住所の表し方には「住居表示」によるものと「地番」によるものの2通りがある。厳密な説明は他のところに譲るとして大まかに説明すると、「地番」とは、多くの田舎で用いられている方法で、たとえば田口の住所は『西条町田口XXXX番地』となっているように、番地を表す数字の部分が何百~何千と大きい。一方で「住居表示」は、地番で表されていたところに、新しく「洗練された住所」を付けなおしたもので、住居表示が行われている下見の住所は『西条下見X-X-X』とスマートになっている。
「下見」には「西条下見」と「西条町下見」がある。この二つの違いは何だろうか。
東広島市のホームページで公開されている「住居表示実施区域一覧」を見ると、どの地域で住居表示が行われているのかわかる。これによると、西条町下見の一部地域で平成12年から住居表示が始まり、「西条下見5~7丁目」になったということだった。つまり、「西条下見」は西条町下見のうち住居表示が実施されているところ、「西条町下見」は住居表示がされていないところということだ。
西条下見に1~4丁目が無い理由を東広島市役所に聞いた。
住居表示に関する法律によると、住居表示を導入する方法として街区法というものがある。これは市街地を道路や道路、河川などで区切って、これを街区とし、それに番号(○丁目というように)を付けていくというものである。この番号の付け方は各市町村の議会で決定される。
東広島市の丁番の付け方については、「千鳥蛇行方式」という方法をとっているとのこと。これは、西条駅に近い街区から順々に番号を付けていくという方法である。西条町下見を見てみると、下見街道をはさんで5丁目北側の地域は市街地化があまり進んでいない。平成12年に住居表示が西条町下見に実施された際も現在のような状態であり、下見街道以南の地域のみに、街区方式による住宅表示が導入されたのである。
しかし、西条町下見全体を見てみると、西条駅に近い地域は下見街道以北の地域(住居表示がまだ実施されていない地域)になる。

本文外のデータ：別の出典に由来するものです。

(* Suppose a first-order method in Algorithm Class 2 is applied to the splitting reformulation (SP) of instance $\mathcal P$ from $x^{(0)}=0$, $y^{(0)}=0$, and generates $\{(x^{(t)},y^{(t)})\}_{t\ge1}$, with $x^{(t)}=(x_1^{(t)\top},\dots,x_m^{(t)\top})^\top$, $x_i^{(t)}\in\mathbb R^{\bar d}$, and $y^{(t)}=(y_1^{(t)\top},\dots,y_{3m_2-1}^{(t)\top})^\top$, $y_j^{(t)}\in\mathbb R^{\bar d}$. Then for any $\bar j\in\{2,3,\dots,\bar d\}$, $\mathrm{supp}(x_i^{(t)})\subset\{1,\dots,\bar j-1\}$ and $\mathrm{supp}(y_j^{(t)})\subset\{1,\dots,\bar j-1\}$ for all $i=1,\dots,m$, $j=1,\dots,3m_2-1$, and all $t\le 1+m(\bar j-2)/3$.
   Context: $\mathrm{supp}(z)=\{j:[z]_j\ne0\}$. Splitting reformulation (SP) of $\min f_0(x)+\bar g(\bar Ax+\bar b)$ s.t. $Ax+b=0$: $\min_{x,y}f_0(x)+\bar g(y)$ s.t. $Ax+b=0$, $y=\bar Ax+\bar b$. Algorithm Class 2: given $(x^{(0)},y^{(0)})$, for all $t\ge1$, $x^{(t)}\in\mathrm{span}\{x^{(s)},\nabla f_0(x^{(s)}),A^\top b,A^\top Ax^{(s)},\bar A^\top\bar b,\bar A^\top\bar Ax^{(s)},\bar A^\top y^{(s)}\}_{s=0}^{t-1}$ and $y^{(t)}\in\mathrm{span}\{\xi^{(t)},\mathrm{prox}_{\eta_t\bar g}(\xi^{(t)})\}$ with $\eta_t>0$, $\xi^{(t)}\in\mathrm{span}\{\bar b,y^{(s)},\bar A\bar A^\top y^{(s)},\bar Ax^{(s)}\}_{s=0}^{t-1}$, where $\mathrm{prox}_{\eta\bar g}(y)=\arg\min_{y'}\{\bar g(y')+\frac1{2\eta}\|y'-y\|^2\}$. Instance $\mathcal P$: fix $\epsilon\in(0,1)$, $L_f>0$, integers $m_1\ge2$, $m_2\ge1$ with $m_1m_2$ even, $m=3m_1m_2$, an odd integer $\bar d\ge5$, $d=m\bar d$. Write $x=(x_1^\top,\dots,x_m^\top)^\top$, $x_i\in\mathbb R^{\bar d}$; $[z]_j$ is the $j$-th coordinate. $J_p\in\mathbb R^{(p-1)\times p}$ has $-1$ at $(k,k)$, $1$ at $(k,k+1)$, zero elsewhere. $\mathcal M=\{im_1:i=1,\dots,3m_2-1\}$, $\mathcal M^C=\{1,\dots,m-1\}\setminus\mathcal M$, $\bar n=(3m_2-1)\bar d$, $\bar A=mL_f(J_{\mathcal M}\otimes I_{\bar d})$, $A=mL_f(J_{\mathcal M^C}\otimes I_{\bar d})$ with $J_{\mathcal M},J_{\mathcal M^C}$ the rows of $J_m$ indexed by $\mathcal M,\mathcal M^C$; $b=0$, $\bar b=0$. Choose $\beta>(50\pi+1+\|A\|)\sqrt m\,\epsilon$; $\bar g(y)=\frac{\beta}{mL_f}\|y\|_1$ on $\mathbb R^{\bar n}$. $\Psi(u)=0$ ($u\le0$), $1-e^{-u^2}$ ($u>0$); $\Phi(v)=4\arctan v+2\pi$. For $z\in\mathbb R^{\bar d}$: $\varphi(z,1)=-\Psi(1)\Phi([z]_1)$, $\varphi(z,j)=\Psi(-[z]_{j-1})\Phi(-[z]_j)-\Psi([z]_{j-1})\Phi([z]_j)$ ($2\le j\le\bar d$); $h_i(z)=\varphi(z,1)+3\sum_{j=1}^{\lfloor\bar d/2\rfloor}\varphi(z,2j)$ for $1\le i\le m/3$, $h_i(z)=\varphi(z,1)$ for $m/3+1\le i\le 2m/3$, $h_i(z)=\varphi(z,1)+3\sum_{j=1}^{\lfloor\bar d/2\rfloor}\varphi(z,2j+1)$ for $2m/3+1\le i\le m$. $f_i(z)=\frac{300\pi\epsilon^2}{mL_f}h_i(\frac{\sqrt mL_fz}{150\pi\epsilon})$, $f_0(x)=\sum_{i=1}^mf_i(x_i)$. Instance $\mathcal P$ is $\min_xf_0(x)+\bar g(\bar Ax)$ s.t. $Ax+b=0$. *)

From mathcomp Require Import all_boot all_algebra.
From mathcomp Require Import all_classical all_reals all_analysis.
From mathcomp.real_closed Require Export mxtens.
Import numFieldNormedType.Exports.
Lemma rat_unit_interval_linear :
  linear_order (fun q : rat => (0 <= q)%R /\ (q <= 1)%R) (fun a b => (a <= b)%R).
Proof.
split; [|split; [|split]].
- by move=> u _; exact: lexx.
- by move=> u v _ _ uv vu; apply/le_anti; rewrite uv vu.
- by move=> u v w _ _ _; exact: le_trans.
- by move=> u v _ _; case/orP: (le_total u v); auto.
Qed.

Lemma rat_unit_interval_dense :
  dense_order (fun q : rat => (0 <= q)%R /\ (q <= 1)%R) (fun a b => (a <= b)%R).
Proof.
move=> a b [a0 a1] [b0 b1] ab Nab.
have lt_ab : (a < b)%R by rewrite lt_neqAle ab andbT; apply/eqP.
have [am mb] := midf_lt lt_ab.
exists ((a + b) / 2)%R; split.
  by split; [apply: le_trans a0 (ltW am) | apply: le_trans (ltW mb) b1].
split; first exact: ltW.
split; first by move=> E; rewrite -E ltxx in am.
by split; [exact: ltW | move=> E; rewrite E ltxx in mb].
Qed.

Lemma grain_line_wild (G : graph) (x y : G) L le P :
  grain_line x y L le P -> dense_order L le -> wild L le.
Proof.
move=> GL dense; have [Nxy [[code code_inj] [_ [_ [_ [_ [Lx [Ly [bounds _]]]]]]]]] := GL.
have N01 : (0 : rat) <> 1%R by move=> /esym/eqP; rewrite oner_eq0.
have [f [Df [onto iso]]] := countable_dense_order_iso (grain_line_linear GL)
  rat_unit_interval_linear dense rat_unit_interval_dense Lx Ly
  (conj (lexx 0%R) ler01) (conj ler01 (lexx 1%R)) bounds
  (fun b (Db : (0 <= b)%R /\ (b <= 1)%R) => Db) Nxy N01 code_inj
  (fun u v _ _ E => pcan_inj (@pickleK rat) E).
by exists f; split=> //; split=> // q q0 q1; apply: onto.
Qed.

Theorem lemma5p5 (G : graph) (HG : subdivided_Pi_graph G)
  (x y : G) (L : G -> Prop) (le : G -> G -> Prop) (P : nat -> list G) :
  grain_line x y L le P ->
  wild L le /\
  exists nk : nat -> nat, (forall k, (nk k < nk k.+1)%N) /\
    grain_line x y L le (fun k => P (nk k)) /\
    wildly_presented L le (fun k => P (nk k)).
Proof.
move=> GL; have dense := grain_line_dense HG GL.
split; first exact: grain_line_wild GL dense.
exists (separating_index L le P).
have incr := separating_index_increasing GL dense.
split=> //; split; first exact: grain_line_subsequence.
exact: separating_subsequence_wildly_presented GL dense.
Qed.
Lemma minor2_in_minor_ideal (R : comNzRingType) a b (A : 'M[R]_(a, b))
    r1 r2 c1 c2 :
  in_minor_ideal A (minor2 A r1 r2 c1 c2).
Proof.
exists (fun i1 i2 j1 j2 => [&& i1 == r1, i2 == r2, j1 == c1 & j2 == c2]%:R).
rewrite (bigD1 r1) //= [X in _ + X]big1 ?addr0 => [|i1 /negbTE ->]; last first.
  by do 3!(apply: big1 => ? _); rewrite ?eqxx /= mul0r.
rewrite (bigD1 r2) //= [X in _ + X]big1 ?addr0 => [|i2 /negbTE ->]; last first.
  by do 2!(apply: big1 => ? _); rewrite ?eqxx /= mul0r.
rewrite (bigD1 c1) //= [X in _ + X]big1 ?addr0 => [|j1 /negbTE ->]; last first.
  by apply: big1 => ? _; rewrite ?eqxx /= mul0r.
rewrite (bigD1 c2) //= [X in _ + X]big1 ?addr0 => [|j2 /negbTE ->]; last first.
  by rewrite ?eqxx /= mul0r.
by rewrite !eqxx mul1r.
Qed.

Lemma rmorph_minor_ideal_eq0 (R : comNzRingType) (K : fieldType)
    (f : {rmorphism R -> K}) a b (A : 'M[R]_(a, b)) g :
  rank_le1 (map_mx f A) -> in_minor_ideal A g -> f g = 0.
Proof.
move=> fA1 [c ->].
rewrite rmorph_sum big1 // => i1 _; rewrite rmorph_sum big1 // => i2 _.
rewrite rmorph_sum big1 // => j1 _; rewrite rmorph_sum big1 // => j2 _.
by rewrite rmorphM -rmorph_minor2 fA1 mulr0.
Qed.

Lemma bigD2 (R : Type) (idx : R) (op : Monoid.com_law idx) (I : finType)
    (F : I -> R) p q : p != q ->
  \big[op/idx]_i F i
  = op (op (F p) (F q)) (\big[op/idx]_(i | (i != p) && (i != q)) F i).
Proof.
move=> pq; rewrite (bigD1 p) //= (bigD1 q) 1?eq_sym //=.
by rewrite Monoid.mulmA.
Qed.

Section Segre.
Variables (k : fieldType) (l : nat) (n : 'I_l -> nat).
Hypothesis n_gt0 : forall i, (0 < n i)%N.

Local Notation family := (forall i : 'I_l, 'I_(n i).+1 -> k).

Definition idx1 i : 'I_(n i).+1 := inord 1.

Lemma idx1_neq0 i : idx1 i != ord0.
Proof. by rewrite -val_eqE /= inordK // ltnS. Qed.

Definition indicator_idx (S : {set 'I_l}) : multiidx n :=
  finfun (fun i => (if i \in S then idx1 i else ord0) : 'I_(n i).+1).

Definition coord S : 'I_(ncoord n) := enum_rank (indicator_idx S).

Lemma segre_coord (v : family) S :
  segre v (coord S) = \prod_i v i (indicator_idx S i).
Proof. by rewrite /segre /coord enum_rankK. Qed.

Definition coord_family S : family :=
  fun i x => (x == indicator_idx S i)%:R.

そこで当時の市は、下見の市街地が下見街道以北にも広がる可能性を鑑み、1丁目から4丁目の丁番は導入せず、5丁目から街区をつくり、丁番をつけ始めたのである。つまり1丁目から4丁目は下見市街地が下見街道以北に広がった時のためにとってあるということになる。
市の担当者によれば、これからの下見の発展の仕方によっては、1丁目~4丁目の住居表示導入も十分ありうるとのこと。西条町下見の住宅地図に載っている不自然な丁番の並び方は、下見学生街(?)の発展によって完全なものになる、といっても過言ではないかもしれない。
マピオンの地図は、地域ごとに薄く色分けされている。これを見ると、どのあたりまで西条町下見かを知ることが出来る(こちら)。
この地図で、この色→◆(薄い緑)で示されているのが「西条町下見」、この色→◆(薄い紫)で示されているのが「西条下見」だ。西条町下見が、バイパスより東側にもかなり広がっていたというのには驚いた。
明治の市町村制施行当時には下見のあたりは「下見村」だったと思うが、当時の下見村がどのあたりまで広がっていたのか、また時間があれば調べてみたい。